** Data follows **

(* Let $h,n\geq2$ and let $F$ be a social preference function. Then: (i) $G(F)$ is a subgroup of $G$; (ii) $G_1(F)$ and $G_2(F)$ are subgroups of $G(F)$, with $G_1(F)\leq S_h\times\{id\}$ and $G_2(F)\leq\{id\}\times S_n$; (iii) $\langle G_1(F),G_2(F)\rangle=G_1(F)\times G_2(F)\leq G(F)$, and there exist a pair $(h,n)$ and a social preference function $F$ for which this inclusion is strict; (iv) $G(F)=G_1(F)\times G_2(F)$ if and only if $G(F)=\pi_1(G(F))\times\pi_2(G(F))$, where $\pi_1,\pi_2$ are the projections of $G$ onto $S_h$ and $S_n$; (v) if $G(F)\leq S_h\times\{id\}$ then $G(F)=G_1(F)$, and if $G(F)\leq\{id\}\times S_n$ then $G(F)=G_2(F)$.
   Context: Permutations compose as $(\sigma\tau)(x)=\sigma(\tau(x))$. Let $G=S_h\times S_n$ and $\mathcal{P}=(S_n)^h$ (preference profiles), with $G$ acting by $(p^{(\varphi,\psi)})_i=\psi\,p_{\varphi^{-1}(i)}$. A social preference function is any $F:\mathcal{P}\to S_n$. Its symmetry group is $G(F)=\{(\varphi,\psi)\in G: F(p^{(\varphi,\psi)})=\psi F(p)\ \forall p\in\mathcal{P}\}$, its anonymity group is $G_1(F)=\{(\varphi,id)\in G: F(p^{(\varphi,id)})=F(p)\ \forall p\}$ and its neutrality group is $G_2(F)=\{(id,\psi)\in G: F(p^{(id,\psi)})=\psi F(p)\ \forall p\}$. *)

From mathcomp Require Import all_boot all_fingroup.
Set Implicit Arguments. Unset Strict Implicit. Unset Printing Implicit Defensive.
Import GroupScope.

(* MathComp convention: for permutations s t, (s * t) x = t (s x).
   Hence the paper's composition psi o p (i.e. (psi p)(x) = psi (p x))
   is written (p * psi)%g here. *)

Definition profile (h n : nat) := {ffun 'I_h -> 'S_n}.

Definition spf (h n : nat) := profile h n -> 'S_n.

Definition pact (h n : nat) (p : profile h n) (g : 'S_h * 'S_n) : profile h n :=
  [ffun i => p (g.1^-1 i) * g.2].

Definition symG (h n : nat) (F : spf h n) : {set 'S_h * 'S_n} :=
  [set g | [forall p : profile h n, F (pact p g) == F p * g.2]].

Definition anonG (h n : nat) (F : spf h n) : {set 'S_h * 'S_n} :=
  [set g | (g.2 == 1) && [forall p : profile h n, F (pact p g) == F p]].

Definition neutG (h n : nat) (F : spf h n) : {set 'S_h * 'S_n} :=
  [set g | (g.1 == 1) && [forall p : profile h n, F (pact p g) == F p * g.2]].

From mathcomp Require Import all_boot all_fingroup.
Import GroupScope.
Set Implicit Arguments. Unset Strict Implicit. Unset Printing Implicit Defensive.

(* G(F) is the stabiliser of F for the right action p |-> p^g.  G_1(F) and
   G_2(F) are the slices H :&: (S_h x 1) and H :&: (1 x S_n) of H = G(F), so
   (ii)-(v) are facts about an arbitrary subgroup H of a direct product: the
   two slices commute and meet trivially, so they generate their direct
   product, and (a, b) lies in it iff (a, 1) and (1, b) lie in H; when H
   contains the product of its projections this holds for all of H.
   For strictness take h = 3 and an involution t != 1: F p = p_2 t if
   (p_0, p_1) = (t, 1) and F p = p_2 otherwise is equivariant for swapping
   agents 0, 1 while composing with t, since that maps the condition
   (p_0, p_1) = (t, 1) to itself, but not for the swap alone. *)

Section ProductSlices.
Variables gT1 gT2 : finGroupType.

Definition ker_snd (H : {set gT1 * gT2}) := H :&: setX [set: gT1] 1.
Definition ker_fst (H : {set gT1 * gT2}) := H :&: setX 1 [set: gT2].

Variable H : {group gT1 * gT2}.

Lemma group_set_ker_snd : group_set (ker_snd H).
Proof. exact: group_setI. Qed.

Lemma group_set_ker_fst : group_set (ker_fst H).
Proof. exact: group_setI. Qed.

Canonical ker_snd_group := Group group_set_ker_snd.
Canonical ker_fst_group := Group group_set_ker_fst.

Lemma ker_fst_cent : ker_fst H \subset 'C(ker_snd H).
Proof.
have [_ _ cXX _] := dprodP (setX_dprod [set: gT1] [set: gT2]).
exact: centSS (subsetIr _ _) (subsetIr _ _) cXX.
Qed.

Lemma ker_snd_fst_TI : ker_snd H :&: ker_fst H = 1.
Proof.
have [_ _ _ tiXX] := dprodP (setX_dprod [set: gT1] [set: gT2]).
by apply/trivgP; rewrite -tiXX setISS ?subsetIr.
Qed.

Lemma ker_dprodE : ker_snd H \x ker_fst H = ker_snd H * ker_fst H.
Proof. exact: dprodE ker_fst_cent ker_snd_fst_TI. Qed.

Lemma ker_dprodEY : ker_snd H \x ker_fst H = <<ker_snd H :|: ker_fst H>>.
Proof. exact: dprodEY ker_fst_cent ker_snd_fst_TI. Qed.

Lemma mem_ker_mul x :
  (x \in ker_snd H * ker_fst H) = ((x.1, 1) \in H) && ((1, x.2) \in H).
Proof.
apply/mulsgP/andP => [[[a1 a2] [b1 b2]] | [Hx1 Hx2]].
  rewrite !inE /= andbT => /andP[Ha /eqP a2_1] /andP[Hb /eqP b1_1] ->.
  by rewrite a2_1 b1_1 /= mulg1 mul1g in Ha Hb *.
exists (x.1, 1) (1, x.2); rewrite ?inE ?Hx1 ?Hx2 ?eqxx //.
by case: x {Hx1 Hx2} => x1 x2; congr (_, _); rewrite /= ?mulg1 ?mul1g.
Qed.

Lemma ker_dprod_sub : ker_snd H \x ker_fst H \subset H.
Proof. by rewrite ker_dprodE mul_subG ?subsetIl. Qed.

Lemma ker_dprod_eq_setX :
  H :=: ker_snd H \x ker_fst H <-> H :=: setX (fst @: H) (snd @: H).
Proof.
have oneH : (1 : gT1 * gT2) \in H := group1 H.
rewrite ker_dprodE; split => defH.
  apply/setP => x; apply/idP/idP => [Hx | ].
    by rewrite inE (imset_f fst Hx) (imset_f snd Hx).
  rewrite inE => /andP[/imsetP[y Hy x1E] /imsetP[z Hz x2E]].
  rewrite defH mem_ker_mul x1E x2E /=.
  by rewrite defH !mem_ker_mul in Hy Hz; case/andP: Hy => -> _; case/andP: Hz.
apply/eqP; rewrite eqEsubset -ker_dprodE ker_dprod_sub andbT ker_dprodE.
apply/subsetP => x Hx; rewrite mem_ker_mul defH !inE /=.
by rewrite !imset_f // (imset_f fst oneH) (imset_f snd oneH).
Qed.

End ProductSlices.

Section SymmetryGroups.
Variables (h n : nat) (F : spf h n).

Lemma pact1 (p : profile h n) : pact p 1 = p.
Proof. by apply/ffunP => i; rewrite ffunE invg1 perm1 mulg1. Qed.

Lemma pactM (p : profile h n) g k : pact (pact p g) k = pact p (g * k).
Proof. by apply/ffunP => i; rewrite !ffunE /= invMg permM mulgA. Qed.

Lemma group_set_symG : group_set (symG F).
Proof.
apply/group_setP; split => [|g k].
  by rewrite inE; apply/forallP => p; rewrite pact1 mulg1.
rewrite !inE => /forallP symg /forallP symk; apply/forallP => p.
by rewrite -pactM (eqP (symk _)) (eqP (symg _)) mulgA.
Qed.

Canonical symG_group := Group group_set_symG.

Lemma anonG_ker : anonG F = ker_snd (symG F).
Proof.
apply/setP => g; rewrite !inE andbC /=.
case: eqP => [-> | _]; rewrite ?andbF // !andbT.
by apply: eq_forallb => p; rewrite mulg1.
Qed.

Lemma neutG_ker : neutG F = ker_fst (symG F).
Proof. by apply/setP => g; rewrite !inE andbT andbC. Qed.

End SymmetryGroups.

Section SwapExample.
Variables (n : nat) (t : 'S_n).
Hypotheses (t_invol : t * t = 1) (t_neq1 : t != 1).

Let i0 : 'I_3 := ord0.
Let i1 : 'I_3 := @Ordinal 3 1 isT.
Let i2 : 'I_3 := ord_max.

Definition swapF : spf 3 n :=
  fun p => if (p i0 == t) && (p i1 == 1) then p i2 * t else p i2.

Let swap01 := tperm i0 i1.

Lemma pact_swap01 (p : profile 3 n) s :
  [/\ pact p (swap01, s) i0 = p i1 * s, pact p (swap01, s) i1 = p i0 * s
    & pact p (swap01, s) i2 = p i2 * s].
Proof. by rewrite !ffunE /= tpermV tpermL tpermR tpermD. Qed.

Lemma swap_sym : (swap01, t) \in symG swapF.
Proof.
rewrite inE; apply/forallP => p; rewrite /swapF.
have [-> -> ->] := pact_swap01 p t.
have tV : t^-1 = t by rewrite -[LHS]mulg1 -t_invol mulKg.
rewrite -[X in p i1 * t == X]mul1g (inj_eq (mulIg t)).
rewrite -[in p i0 * t]tV -eq_mulgV1 andbC.
by case: ifP; rewrite -?mulgA ?t_invol.
Qed.

Lemma swap_notin_symG : (swap01, 1) \notin symG swapF.
Proof.
rewrite inE negb_forall; apply/existsP.
exists [ffun i => if i == i0 then t else 1]; rewrite /swapF.
have [-> -> ->] := pact_swap01 [ffun i => if i == i0 then t else 1] 1.
by rewrite !ffunE !mulg1 /= !eqxx (negbTE t_neq1) andbF mul1g eq_sym.
Qed.

Lemma swapF_dprod_proper : anonG swapF \x neutG swapF \proper symG swapF.
Proof.
rewrite anonG_ker neutG_ker properE ker_dprod_sub /=.
apply: contra swap_notin_symG => /subsetP/(_ _ swap_sym).
by rewrite ker_dprodE mem_ker_mul => /andP[].
Qed.

End SwapExample.

Theorem mainTheorem13 :
  (forall (h n : nat) (F : spf h n), 2 <= h -> 2 <= n ->
     (* (i) *)
     group_set (symG F)
     (* (ii) *)
  /\ (group_set (anonG F) /\ anonG F \subset symG F
      /\ group_set (neutG F) /\ neutG F \subset symG F
      /\ anonG F \subset setX [set: 'S_h] [1 'S_n]
      /\ neutG F \subset setX [1 'S_h] [set: 'S_n])
     (* (iii) first part *)
  /\ (<<anonG F :|: neutG F>> = anonG F \x neutG F
      /\ anonG F \x neutG F \subset symG F)
     (* (iv) *)
  /\ (symG F = anonG F \x neutG F <->
      symG F = setX (fst @: symG F) (snd @: symG F))
     (* (v) *)
  /\ (symG F \subset setX [set: 'S_h] [1 'S_n] -> symG F = anonG F)
  /\ (symG F \subset setX [1 'S_h] [set: 'S_n] -> symG F = neutG F))
  /\
  (* (iii) second part: the inclusion can be strict *)
  (exists (h n : nat) (F : spf h n), [/\ 2 <= h, 2 <= n &
     anonG F \x neutG F \proper symG F]).
Proof.
split=> [h n F _ _ | ].
  rewrite anonG_ker neutG_ker -ker_dprodEY.
  split; first exact: group_set_symG.
  split.
    by do !split; rewrite ?group_set_ker_snd ?group_set_ker_fst ?subsetIl ?subsetIr.
  split; first by split; last exact: ker_dprod_sub.
  split; first exact: ker_dprod_eq_setX.
  by split; move/setIidPl.
pose t : 'S_2 := tperm ord0 ord_max.
have t_neq1 : t != 1 by apply/eqP => /permP/(_ ord0); rewrite tpermL perm1.
by exists 3, 2, (swapF t); split; rewrite // swapF_dprod_proper ?tperm2.
Qed.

** End of Data **

From the entries above, copy each line that holds "oneH".

• Result of the task:
have oneH : (1 : gT1 * gT2) \in H := group1 H.
by rewrite !imset_f // (imset_f fst oneH) (imset_f snd oneH).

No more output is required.